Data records

Lemma is_derive_shift (f : R -> R) df t c :
  is_derive f (t - c) df -> is_derive (fun s => f (s - c)) t df.
Proof.
  intros H. apply is_derive_Reals. apply is_derive_Reals in H.
  intros eps Heps. destruct (H eps Heps) as [del Hd]. exists del. intros h Hh Hh2.
  replace (t + h - c) with (t - c + h) by ring. apply Hd; auto.
Qed.

Lemma exp_ge1 a : 0 <= a -> 1 <= exp a.
Proof. intros H. assert (H1 := exp_ineq1_le a). lra. Qed.

Lemma is_derive_Rminus f g t a b :
  is_derive f t a -> is_derive g t b -> is_derive (fun s => f s - g s) t (a - b).
Proof. exact (is_derive_minus f g t a b). Qed.

Lemma is_derive_exp_decay (L C T s : R) :
  is_derive (fun u => L * exp (- C * (u - T))) s (- C * L * exp (- C * (s - T))).
Proof. auto_derive; [auto|unfold Rminus; ring]. Qed.

Lemma filterlim_exp_decay (L C T u : R) :
  filterlim (fun s => L * exp (- C * (s - T))) (locally u) (locally (L * exp (- C * (u - T)))).
Proof.
  apply (continuity_pt_filterlim (fun s => L * exp (- C * (s - T)))), derivable_continuous_pt.
  exists (- C * L * exp (- C * (u - T))). apply is_derive_Reals, is_derive_exp_decay.
Qed.

Lemma deriv_on_interval_is_derive a b f f' t :
  a < t < b -> deriv_on_interval a b f f' -> is_derive f t (f' t).
Proof.
  intros Ht H. specialize (H t ltac:(lra)).
  apply is_derive_Reals. intros eps Heps.
  assert (HP : locally (f' t) (fun y => Rabs (y - f' t) < eps))
    by (exists (mkposreal eps Heps); intros y Hy; exact Hy).
  destruct (H _ HP) as [del Hdel].
  assert (Hm : 0 < Rmin del (Rmin (t - a) (b - t)))
    by (apply Rmin_pos; [apply cond_pos|apply Rmin_pos; lra]).
  exists (mkposreal _ Hm). intros h Hh0 Hh. simpl in Hh.
  assert (Rmin del (Rmin (t - a) (b - t)) <= del) by apply Rmin_l.
  assert (Rmin del (Rmin (t - a) (b - t)) <= Rmin (t - a) (b - t)) by apply Rmin_r.
  assert (Rmin (t - a) (b - t) <= t - a) by apply Rmin_l.
  assert (Rmin (t - a) (b - t) <= b - t) by apply Rmin_r.
  apply Rabs_lt_between in Hh.
  apply Hdel; [|split; auto; lra].
  apply ball_Rabs. unfold minus, plus, opp; simpl.
  replace (h + - 0) with h by ring. apply Rabs_lt_between. lra.
Qed.

(* [MVT_gen] needs continuity at every point of [a, b]; composing with the clamp
   provides it from one-sided continuity at the endpoints. *)
Definition clamp (a b u : R) := Rmax a (Rmin b u).

Lemma clamp_lip a b u v : a <= b -> Rabs (clamp a b u - clamp a b v) <= Rabs (u - v).
Proof.
  intros Hab. unfold clamp, Rmax, Rmin.
  repeat destruct Rle_dec; unfold Rabs; repeat destruct Rcase_abs; lra.
Qed.

Lemma clamp_in a b u : a <= b -> a <= clamp a b u <= b.
Proof. intros Hab. unfold clamp, Rmax, Rmin. repeat destruct Rle_dec; lra. Qed.

Lemma clamp_id a b u : a <= u <= b -> clamp a b u = u.
Proof. intros Hab. unfold clamp, Rmax, Rmin. repeat destruct Rle_dec; lra. Qed.

Lemma cont_on_subinterval f a b a' b' :
  a <= a' -> b' <= b -> cont_on (fun s => a <= s <= b) f -> cont_on (fun s => a' <= s <= b') f.
Proof.
  intros H1 H2 H u Hu. apply (filterlim_within_subset _ (fun s => a <= s <= b)).
  - intros; lra.
  - apply H; lra.
Qed.
(* Let $n\geq 1$ and $0\leq p\leq 1$. Let $\Pr_p(C)$ denote the probability, under the bias-$p$ measure, that a Boolean function on $n$ variables is canalizing. Then $$\Pr_p(C) = (-1)^n\bigl(p^{2^n}+(1-p)^{2^n}\bigr) - 2n\,p^{2^{n-1}}(1-p)^{2^{n-1}} + \sum_{k=1}^n (-1)^{k+1}\binom{n}{k}2^k\bigl(p^{2^n-2^{n-k}}+(1-p)^{2^n-2^{n-k}}\bigr).$$
   Context: A Boolean function on $n$ variables is a function $f:\{0,1\}^n\to\{0,1\}$; write $[n]=\{0,1,\dots,n-1\}$ for the index set of the variables. For $0\leq p\leq 1$, the bias-$p$ probability measure on the (finite) set of all Boolean functions on $n$ variables is $\Pr_p(f)=p^{|f^{-1}\{1\}|}(1-p)^{|f^{-1}\{0\}|}$ (with $0^0=1$). A Boolean function $f$ is canalizing if there exist $i\in[n]$ and $s,v\in\{0,1\}$ such that for all $x\in\{0,1\}^n$, $x_i=s$ implies $f(x)=v$. $C$ denotes the set of canalizing Boolean functions on $n$ variables. *)

From mathcomp Require Import all_boot all_order all_algebra.
Set Implicit Arguments. Unset Strict Implicit. Unset Printing Implicit Defensive.
Import Order.TTheory GRing.Theory Num.Theory.
Local Open Scope ring_scope.

Definition input (n : nat) := {ffun 'I_n -> bool}.
Definition boolfun (n : nat) := {ffun input n -> bool}.

Definition canalizing (n : nat) (f : boolfun n) : bool :=
  [exists i : 'I_n, exists s : bool, exists v : bool,
     [forall x : input n, (x i == s) ==> (f x == v)]].

(* Bias-p probability of a single Boolean function (0^0 = 1 via ^+). *)
Definition prp (R : nzRingType) (n : nat) (p : R) (f : boolfun n) : R :=
  p ^+ #|[set x | f x]| * (1 - p) ^+ #|[set x | ~~ f x]|.

Definition Pr_canal (R : nzRingType) (n : nat) (p : R) : R :=
  \sum_(f : boolfun n | canalizing f) prp p f.

From mathcomp Require Import all_boot all_order all_algebra.
From mathcomp Require Import ring.
Set Implicit Arguments.
Unset Strict Implicit.
Unset Printing Implicit Defensive.
Import Order.TTheory GRing.Theory Num.Theory.
Local Open Scope ring_scope.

__Work instructions__: Write each line of the data down again exactly as it reads.

__Result below__:
Lemma is_derive_shift (f : R -> R) df t c :
  is_derive f (t - c) df -> is_derive (fun s => f (s - c)) t df.
Proof.
  intros H. apply is_derive_Reals. apply is_derive_Reals in H.
  intros eps Heps. destruct (H eps Heps) as [del Hd]. exists del. intros h Hh Hh2.
  replace (t + h - c) with (t - c + h) by ring. apply Hd; auto.
Qed.

Lemma exp_ge1 a : 0 <= a -> 1 <= exp a.
Proof. intros H. assert (H1 := exp_ineq1_le a). lra. Qed.

Lemma is_derive_Rminus f g t a b :
  is_derive f t a -> is_derive g t b -> is_derive (fun s => f s - g s) t (a - b).
Proof. exact (is_derive_minus f g t a b). Qed.

Lemma is_derive_exp_decay (L C T s : R) :
  is_derive (fun u => L * exp (- C * (u - T))) s (- C * L * exp (- C * (s - T))).
Proof. auto_derive; [auto|unfold Rminus; ring]. Qed.

Lemma filterlim_exp_decay (L C T u : R) :
  filterlim (fun s => L * exp (- C * (s - T))) (locally u) (locally (L * exp (- C * (u - T)))).
Proof.
  apply (continuity_pt_filterlim (fun s => L * exp (- C * (s - T)))), derivable_continuous_pt.
  exists (- C * L * exp (- C * (u - T))). apply is_derive_Reals, is_derive_exp_decay.
Qed.

Lemma deriv_on_interval_is_derive a b f f' t :
  a < t < b -> deriv_on_interval a b f f' -> is_derive f t (f' t).
Proof.
  intros Ht H. specialize (H t ltac:(lra)).
  apply is_derive_Reals. intros eps Heps.
  assert (HP : locally (f' t) (fun y => Rabs (y - f' t) < eps))
    by (exists (mkposreal eps Heps); intros y Hy; exact Hy).
  destruct (H _ HP) as [del Hdel].
  assert (Hm : 0 < Rmin del (Rmin (t - a) (b - t)))
    by (apply Rmin_pos; [apply cond_pos|apply Rmin_pos; lra]).
  exists (mkposreal _ Hm). intros h Hh0 Hh. simpl in Hh.
  assert (Rmin del (Rmin (t - a) (b - t)) <= del) by apply Rmin_l.
  assert (Rmin del (Rmin (t - a) (b - t)) <= Rmin (t - a) (b - t)) by apply Rmin_r.
  assert (Rmin (t - a) (b - t) <= t - a) by apply Rmin_l.
  assert (Rmin (t - a) (b - t) <= b - t) by apply Rmin_r.
  apply Rabs_lt_between in Hh.
  apply Hdel; [|split; auto; lra].
  apply ball_Rabs. unfold minus, plus, opp; simpl.
  replace (h + - 0) with h by ring. apply Rabs_lt_between. lra.
Qed.

(* [MVT_gen] needs continuity at every point of [a, b]; composing with the clamp
   provides it from one-sided continuity at the endpoints. *)
Definition clamp (a b u : R) := Rmax a (Rmin b u).

Lemma clamp_lip a b u v : a <= b -> Rabs (clamp a b u - clamp a b v) <= Rabs (u - v).
Proof.
  intros Hab. unfold clamp, Rmax, Rmin.
  repeat destruct Rle_dec; unfold Rabs; repeat destruct Rcase_abs; lra.
Qed.

Lemma clamp_in a b u : a <= b -> a <= clamp a b u <= b.
Proof. intros Hab. unfold clamp, Rmax, Rmin. repeat destruct Rle_dec; lra. Qed.

Lemma clamp_id a b u : a <= u <= b -> clamp a b u = u.
Proof. intros Hab. unfold clamp, Rmax, Rmin. repeat destruct Rle_dec; lra. Qed.

Lemma cont_on_subinterval f a b a' b' :
  a <= a' -> b' <= b -> cont_on (fun s => a <= s <= b) f -> cont_on (fun s => a' <= s <= b') f.
Proof.
  intros H1 H2 H u Hu. apply (filterlim_within_subset _ (fun s => a <= s <= b)).
  - intros; lra.
  - apply H; lra.
Qed.
(* Let $n\geq 1$ and $0\leq p\leq 1$. Let $\Pr_p(C)$ denote the probability, under the bias-$p$ measure, that a Boolean function on $n$ variables is canalizing. Then $$\Pr_p(C) = (-1)^n\bigl(p^{2^n}+(1-p)^{2^n}\bigr) - 2n\,p^{2^{n-1}}(1-p)^{2^{n-1}} + \sum_{k=1}^n (-1)^{k+1}\binom{n}{k}2^k\bigl(p^{2^n-2^{n-k}}+(1-p)^{2^n-2^{n-k}}\bigr).$$
   Context: A Boolean function on $n$ variables is a function $f:\{0,1\}^n\to\{0,1\}$; write $[n]=\{0,1,\dots,n-1\}$ for the index set of the variables. For $0\leq p\leq 1$, the bias-$p$ probability measure on the (finite) set of all Boolean functions on $n$ variables is $\Pr_p(f)=p^{|f^{-1}\{1\}|}(1-p)^{|f^{-1}\{0\}|}$ (with $0^0=1$). A Boolean function $f$ is canalizing if there exist $i\in[n]$ and $s,v\in\{0,1\}$ such that for all $x\in\{0,1\}^n$, $x_i=s$ implies $f(x)=v$. $C$ denotes the set of canalizing Boolean functions on $n$ variables. *)

From mathcomp Require Import all_boot all_order all_algebra.
Set Implicit Arguments. Unset Strict Implicit. Unset Printing Implicit Defensive.
Import Order.TTheory GRing.Theory Num.Theory.
Local Open Scope ring_scope.

Definition input (n : nat) := {ffun 'I_n -> bool}.
Definition boolfun (n : nat) := {ffun input n -> bool}.

Definition canalizing (n : nat) (f : boolfun n) : bool :=
  [exists i : 'I_n, exists s : bool, exists v : bool,
     [forall x : input n, (x i == s) ==> (f x == v)]].

(* Bias-p probability of a single Boolean function (0^0 = 1 via ^+). *)
Definition prp (R : nzRingType) (n : nat) (p : R) (f : boolfun n) : R :=
  p ^+ #|[set x | f x]| * (1 - p) ^+ #|[set x | ~~ f x]|.

Definition Pr_canal (R : nzRingType) (n : nat) (p : R) : R :=
  \sum_(f : boolfun n | canalizing f) prp p f.

From mathcomp Require Import all_boot all_order all_algebra.
From mathcomp Require Import ring.
Set Implicit Arguments.
Unset Strict Implicit.
Unset Printing Implicit Defensive.
Import Order.TTheory GRing.Theory Num.Theory.
Local Open Scope ring_scope.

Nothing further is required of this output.